Firmware Secretly Sent Text, Call Data On Android Users To China
Source: Dark Reading
Several Android smartphone models sold in the US, including via major online retailers like Amazon and BestBuy, had firmware in them that surreptitiously collected and sent detailed personally identifiable information on users and devices to a server based in China.
An employee working for DARPA-funded security firm Kryptowire stumbled upon the issue when using a burner phone from Miami-based BLU Products he had purchased for a trip overseas. When setting up the device, the Kryptowire employee noticed some strange network activity and started poking around.

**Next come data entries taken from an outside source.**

Lemma A2_Rp q :
  exists z0 z1, A2 I (Phi (Rp_letter q false)) (Phi (Rp_letter q true)) z0 z1.
Proof.
  apply exists_A2_renormalized.
  - intros []; discriminate.
  - intros z Hz. rewrite Phi_Rp_letter_true.
    pose proof (Phi_core (Rp_letter q false) z Hz) as Hc.
    apply phi1_le; [apply core_in|]; apply Hc.
  - intros z Hz F0 F1. pose proof (core_in z Hz) as Iz.
    rewrite Phi_Rp_letter_true, F0 in F1.
    assert (z = y1) as ->
      by (apply (Phi_fixpt_unique [true]); auto using y1_in, phi1_y1; discriminate).
    unfold Rp_letter in F0. simpl in F0. rewrite <- (Phi_repeat_true_y1 q) in F0 at 2.
    apply Phi_inj in F0; auto. { pose proof (phi0_gt y1 y1_in y1_lt_y0). lra. }
    now apply (phi_in false).
Qed.

Lemma cycle_gap_repeat_false k : cycle_gap I phi0 phi1 (repeat false k).
Proof.
  intros a b Ia Ib Fa Fb.
  assert (Jb : core b) by (eapply Phi_fixpt_core; [|exact Ib|exact Fb]; discriminate).
  set (a' := Phi (repeat false k) (phi1 b)).
  assert (Ja' : core a') by (apply Phi_core, (phi_core true); exact Jb).
  assert (Hb : phi0 a' = b).
  { rewrite <- Fb. exact (eq_sym (phiw_repeat_S_r phi0 phi1 false k (phi1 b))). }
  assert (a = a') as ->.
  { apply (Phi_fixpt_unique (false :: true :: repeat false k)); auto using core_in.
    - discriminate.
    - simpl. now rewrite Hb. }
  assert (Hlt : a' < b).
  { rewrite <- Hb. apply phi0_gt; [now apply core_in|].
    unfold a'. rewrite <- (Phi_repeat_false_y0 k).
    apply Phi_lt; auto using y0_in. { now apply (phi_in true). }
    pose proof (Phi_le [true] b y0 Ib y0_in (proj2 Jb)).
    pose proof (phi1_lt y0 y0_in y1_lt_y0). simpl in *. lra. }
  split; [exact Hlt|split].
  - exists (true :: repeat false k), []. split; [|reflexivity].
    simpl. now rewrite repeat_cons.
  - intros z c [[|d s] [t [Hu ->]]]; simpl in Hu; injection Hu as Hd Hu.
    + subst c. simpl. split; [discriminate|]. split; [intros _; lra|]. rewrite Hb.
      pose proof (phi1_le b Ib (proj1 Jb)). lra.
    + subst d. change (false :: repeat false k) with (repeat false (S k)) in Hu.
      pose proof (f_equal (@length bool) Hu) as Hlen.
      rewrite repeat_length, length_app in Hlen. simpl in Hlen.
      apply repeat_eq_elt in Hu as [<- [Hs _]]. rewrite <- Hs. simpl.
      pose proof (phi_core true b Jb) as J1b.
      pose proof (Phi_repeat_false_mono (length s) k (phi1 b) J1b ltac:(lia)) as Hle.
      pose proof (Phi_repeat_false_mono 0 (length s) (phi1 b) J1b ltac:(lia)) as Hge.
      pose proof (phi0_ge a' (core_in _ Ja') (proj2 Ja')).
      simpl in Hge. fold a' in Hle.
      split; [intros _; lra|]. split; [discriminate|]. split; lra.
Qed.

The investigation led to the discovery of firmware on the phone designed to actively transmit device identifying data and user information, including the complete content of text messages, full contact lists, call history data, and other information to a server based in Shanghai.
The firmware bypassed Androids permission model and also collected and transmitted information on the use of applications installed on the device, Kryptowire announced in an alert this week. It executed remote commands with escalated (system) privileges, and was able to remotely reprogram the devices, the security firm said.
<snip>
Read more: http://www.darkreading.com/mobile/firmware-secretly-sent-text-call-data-on-android-users-to-china/d/d-id/1327498
haele
(12,650 posts)And the company just didn't notice the unusually huge server activity and storage requirements for a monitoring system that was built at the request for maybe 25 - 50 users. Totally innocent mistake - and a bit of incompetence, as hundreds of thousands(if not a million or more) of dollars would be wasted on the required upgrade and maintenance to support the tracking of all those additional thousands of phone users. All due to an apparent lack of system oversight.
What was their sysadmin doing, and why wasn't s/he fired along with someone high up in manufacturing and sales within the first month - since the company wasn't planning on doing more than making a specific firmware change to support a request of a couple dozen wealthy users to easily track and winnow out spam and other junk communications?
Just a mistake? Sure....
Haele
leftyladyfrommo
(18,868 posts)I don't put anything on my phone that is personal. I don't email anything that the whole world can't see.